Frank learns how to justify the means to an end. He realizes that his letters have made people turn over their hard-earned money, for which he feels guilty. However, he justifies the act in terms of his ambition to travel to America and change his fortunes for the better.
“He tells me God forgives me and I must forgive myself, that God loves me and I must love myself for only when you love God in yourself can you love all God’s creatures.”
The Franciscan priest, Father Gregory, offers these comments to a distraught and confused Frank as he confesses his sins. It is the antithesis of almost all the religious teachings Frank has received, demonstrating a much kinder approach to the same religion.

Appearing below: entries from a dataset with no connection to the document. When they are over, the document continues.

(* In $Y_R(\mathfrak{so}_3)$: $$3e_{-1,1}(u+\tfrac12)-e_{-1,1}(u)+3e_{-1,0}(u+\tfrac12)e_{-1,0}(u)-2e_{-1,0}(u)^2=0.$$
   Context: Let $e_{ij}$ ($i,j\in\{-1,0,1\}$) be the matrix units of $\mathrm{End}\,\mathbb{C}^3$, with rows and columns indexed by $-1,0,1$. Let $P=\sum_{i,j}e_{ij}\otimes e_{ji}$, $Q=\sum_{i,j}e_{ij}\otimes e_{-i,-j}$ and $R(u)=1-\frac{P}{u}+\frac{Q}{u-\frac12}$. Let $t$ be the transposition on $\mathrm{End}\,\mathbb{C}^3$ given by $(e_{ij})^t=e_{-j,-i}$. The algebra $Y_R(\mathfrak{so}_3)$ is the unital associative algebra over $\mathbb{C}$ generated by elements $t_{ij}^{(r)}$, $r\ge 1$, $i,j\in\{-1,0,1\}$; put $t_{ij}(u)=\delta_{ij}+\sum_{r\ge1}t^{(r)}_{ij}u^{-r}$, $T(u)=\sum_{i,j}t_{ij}(u)\otimes e_{ij}$, $T^t(u)=\sum_{i,j}t_{ij}(u)\otimes e_{-j,-i}$, $T_1(u)=\sum t_{ij}(u)\otimes e_{ij}\otimes 1$, $T_2(v)=\sum t_{ij}(v)\otimes 1\otimes e_{ij}$. The defining relations are $R(u-v)T_1(u)T_2(v)=T_2(v)T_1(u)R(u-v)$ and $T(u)T^t(u+\frac12)=T^t(u+\frac12)T(u)=1$. The Gauss generators are the unique series $k_i(u)\in 1+u^{-1}Y_R(\mathfrak{so}_3)[[u^{-1}]]$ ($i=-1,0,1$) and $e_{ij}(u),f_{ji}(u)\in u^{-1}Y_R(\mathfrak{so}_3)[[u^{-1}]]$ ($-1\le i<j\le1$) such that $T(u)=F(u)K(u)E(u)$, where $F(u)$ is the lower unitriangular matrix with below-diagonal entries $F_{0,-1}=f_{0,-1}(u)$, $F_{1,-1}=f_{1,-1}(u)$, $F_{1,0}=f_{1,0}(u)$, $K(u)=\mathrm{diag}(k_{-1}(u),k_0(u),k_1(u))$, and $E(u)$ is the upper unitriangular matrix with above-diagonal entries $E_{-1,0}=e_{-1,0}(u)$, $E_{-1,1}=e_{-1,1}(u)$, $E_{0,1}=e_{01}(u)$ (rows/columns indexed by $-1,0,1$). *)

From HB Require Import structures.
From mathcomp Require Import all_boot all_order all_algebra.
Set Implicit Arguments. Unset Strict Implicit. Unset Printing Implicit Defensive.
Import Order.TTheory GRing.Theory Num.Theory.
Local Open Scope ring_scope.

“A mother’s love is a blessing,
No matter where you roam.
Keep her while you have her,
You’ll miss her when she’s gone.”
These are song lyrics offered up to Frank the night before he departs for America. By including these lines in the book, Frank acknowledges Angela’s love for him and indicates that much of the animosity he previously directed at her has transformed into compassion and empathy.
“You live in Los Angeles with sun and palm trees day in day out and you ask God if there’s any chance He could give you one soft rainy Limerick day.”
A priest onboard the ship to America tells Frank this. The point is that as great as your ideal of a place may be, you’ll always long for something that it doesn’t have.